You are viewing a plain text version of this content. The canonical link for it is here.
Posted to user@spark.apache.org by Bahubali Jain <ba...@gmail.com> on 2014/11/15 12:18:33 UTC

Help with Spark Streaming

Hi,
Trying to use spark streaming, but I am struggling with word count :(
I want consolidate output of the word count (not on a per window basis), so
I am using updateStateByKey(), but for some reason this is not working.
The function it self is not being invoked(do not see the sysout output on
console).


public final class WordCount {
  private static final Pattern SPACE = Pattern.compile(" ");

  public static void main(String[] args) {
        if (args.length < 2) {
          System.err.println("Usage: JavaNetworkWordCount <hostname>
<port>");
          System.exit(1);
        }

         // Create the context with a 1 second batch size
        SparkConf sparkConf = new
SparkConf().setAppName("JavaNetworkWordCount");
        JavaStreamingContext ssc = new JavaStreamingContext(sparkConf,  new
Duration(1000));
        ssc.checkpoint("/tmp/worcount");
        // Create a JavaReceiverInputDStream on target ip:port and count the
        // words in input stream of \n delimited text (eg. generated by
'nc')
        // Note that no duplication in storage level only for running
locally.
        // Replication necessary in distributed scenario for fault
tolerance.
        JavaReceiverInputDStream<String> lines = ssc.socketTextStream(
                args[0], Integer.parseInt(args[1]),
StorageLevels.MEMORY_AND_DISK_SER);
        JavaDStream<String> words = lines.flatMap(new
FlatMapFunction<String, String>() {
          @Override
          public Iterable<String> call(String x) {
            return Lists.newArrayList(SPACE.split(x));
          }
        });

        JavaPairDStream<String, Integer> wordCounts = words.mapToPair(
          new PairFunction<String, String, Integer>() {
            @Override
            public Tuple2<String, Integer> call(String s) {
                System.err.println("Got "+s);
              return new Tuple2<String, Integer>(s, 1);
            }
          }).reduceByKey(new Function2<Integer, Integer, Integer>() {
            @Override
            public Integer call(Integer i1, Integer i2) {
              return i1 + i2;
            }
          });

        wordCounts.print();

*        wordCounts.updateStateByKey(new updateFunction());*
 ssc.start();
        ssc.awaitTermination();
  }
}

class updateFunction implements Function2<List<Integer>, Optional<Integer>,
Optional<Integer>>
{

      @Override public Optional<Integer> call(List<Integer> values,
Optional<Integer> state) {

         Integer x = new Integer(0);
         for (Integer i:values)
             x = x+i;
        Integer newSum = state.or(0)+x;  // add the new values with the
previous running count to get the new count
        System.out.println("Newsum is "+newSum);
        return Optional.of(newSum);

      };

}

Re: Help with Spark Streaming

Posted by ZhangYi <yi...@thoughtworks.com>.
I guess, maybe you don’t need invoke reduceByKey() after mapToPair, because updateStateByKey had covered it.

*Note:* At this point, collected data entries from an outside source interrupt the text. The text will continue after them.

(* Let $d,l,m\geq 1$ be integers, and fix arbitrary norms $\|\cdot\|$ on the real vector space $H(d)$ of $d\times d$ Hermitian matrices and on the real vector space $M_{lm}(\mathbb{R})$ of real $l\times m$ matrices. Let $\mathcal{Q}=\{P_1,\dots,P_l\}$ be a measurement scheme consisting of $l$ POVMs, each with outcome set $\{1,\dots,m\}$, and suppose $\mathcal{Q}$ determines any pure state among all states. Then there exists $\epsilon>0$ such that every measurement scheme $\mathcal{Q}'=\{P'_1,\dots,P'_l\}$ (of $l$ POVMs with outcome set $\{1,\dots,m\}$) which is $\epsilon$-close to $\mathcal{Q}$ also determines any pure state among all states.
   Context: A POVM with outcome set $\{1,\dots,m\}$ is a map $j\mapsto P(j)$ into $H(d)$ with $P(j)\geq 0$ for all $j$ and $\sum_{j=1}^m P(j)=\mathbb{1}$. A measurement scheme $\mathcal{Q}=\{P_1,\dots,P_l\}$ induces the real-linear map $M_{\mathcal{Q}}:H(d)\to M_{lm}(\mathbb{R})$, $M_{\mathcal{Q}}(X)_{i,j}=\mathrm{tr}(X P_i(j))$. $\mathcal{Q}$ determines any pure state among all states if for every pure state $\sigma=|\psi\rangle\langle\psi|$ and every state (density matrix) $\varrho$, $M_{\mathcal{Q}}(\sigma)=M_{\mathcal{Q}}(\varrho)$ implies $\varrho=\sigma$. Two measurement schemes $\mathcal{Q},\mathcal{Q}'$ are $\epsilon$-close if $\|M_{\mathcal{Q}}-M_{\mathcal{Q}'}\|_\infty<\epsilon$, where $\|\cdot\|_\infty$ is the operator norm of linear maps $H(d)\to M_{lm}(\mathbb{R})$ with respect to the fixed norms. *)

From HB Require Import structures.
From mathcomp Require Import all_boot all_order all_algebra.
From mathcomp Require Import complex.
From mathcomp Require Import boolp classical_sets reals.

Set Implicit Arguments.
Unset Strict Implicit.
Unset Printing Implicit Defensive.

Import Order.TTheory GRing.Theory Num.Theory.
Local Open Scope ring_scope.

Section QDefs.
Variable R : realType.
Local Notation C := R[i].

Definition adj (d : nat) (X : 'M[C]_d) : 'M[C]_d := (map_mx Num.conj X)^T.

Definition hermitian (d : nat) (X : 'M[C]_d) : Prop := adj X = X.

Definition psd (d : nat) (X : 'M[C]_d) : Prop :=
  hermitian X /\ forall v : 'cV[C]_d, 0 <= ((map_mx Num.conj v)^T *m X *m v) 0 0.

Definition is_state (d : nat) (rho : 'M[C]_d) : Prop := psd rho /\ \tr rho = 1.

Definition is_pure_state (d : nat) (sigma : 'M[C]_d) : Prop :=
  exists psi : 'cV[C]_d,
    ((map_mx Num.conj psi)^T *m psi) 0 0 = 1 /\ sigma = psi *m (map_mx Num.conj psi)^T.

Definition is_POVM (d m : nat) (P : 'I_m -> 'M[C]_d) : Prop :=
  (forall j, psd (P j)) /\ \sum_(j < m) P j = 1%:M.

Definition is_scheme (d l m : nat) (Q : 'I_l -> 'I_m -> 'M[C]_d) : Prop :=
  forall i, is_POVM (Q i).

Definition MQ (d l m : nat) (Q : 'I_l -> 'I_m -> 'M[C]_d) (X : 'M[C]_d)
  : 'M[R]_(l, m) := \matrix_(i, j) complex.Re (\tr (X *m Q i j)).

Definition determines_pure (d l m : nat) (Q : 'I_l -> 'I_m -> 'M[C]_d) : Prop :=
  forall sigma rho : 'M[C]_d, is_pure_state sigma -> is_state rho ->
    MQ Q sigma = MQ Q rho -> rho = sigma.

For your reference, here is a sample written by scala using text file stream instead of socket as below:

object LocalStatefulWordCount extends App {
  val sparkConf = new SparkConf().setAppName("HdfsWordCount")
  val ssc = new StreamingContext(sparkConf, Seconds(2))

  //must set checkpoint for updateStateByKey
  //note: checkpoint derectory can not be source directory
  ssc.checkpoint("./checkpoint")

  val updateFunc = (values: Seq[Int], state: Option[Int]) => {
    val currentCount = values.foldLeft(0)(_ + _)
    val previousCount = state.getOrElse(0)
    Some(currentCount + previousCount)
  }

  val lines = ssc.textFileStream("/Users/twer/workspace/scala101/data")   //local directory
  val wordDstream = lines.flatMap(_.split(" ")).map(x => (x, 1))
  val statefulWordCount = wordDstream.updateStateByKey[Int](updateFunc)
  statefulWordCount.print()

  ssc.start()
  ssc.awaitTermination()
}




Zhang Yi / 张逸
Lead Consultant

Email
yizhang@thoughtworks.com (mailto:yizhang@thoughtworks.com)

Telephone
+86 15023157626 (mailto:+86 15023157626)






Sent with Sparrow (http://www.sparrowmailapp.com/?sig)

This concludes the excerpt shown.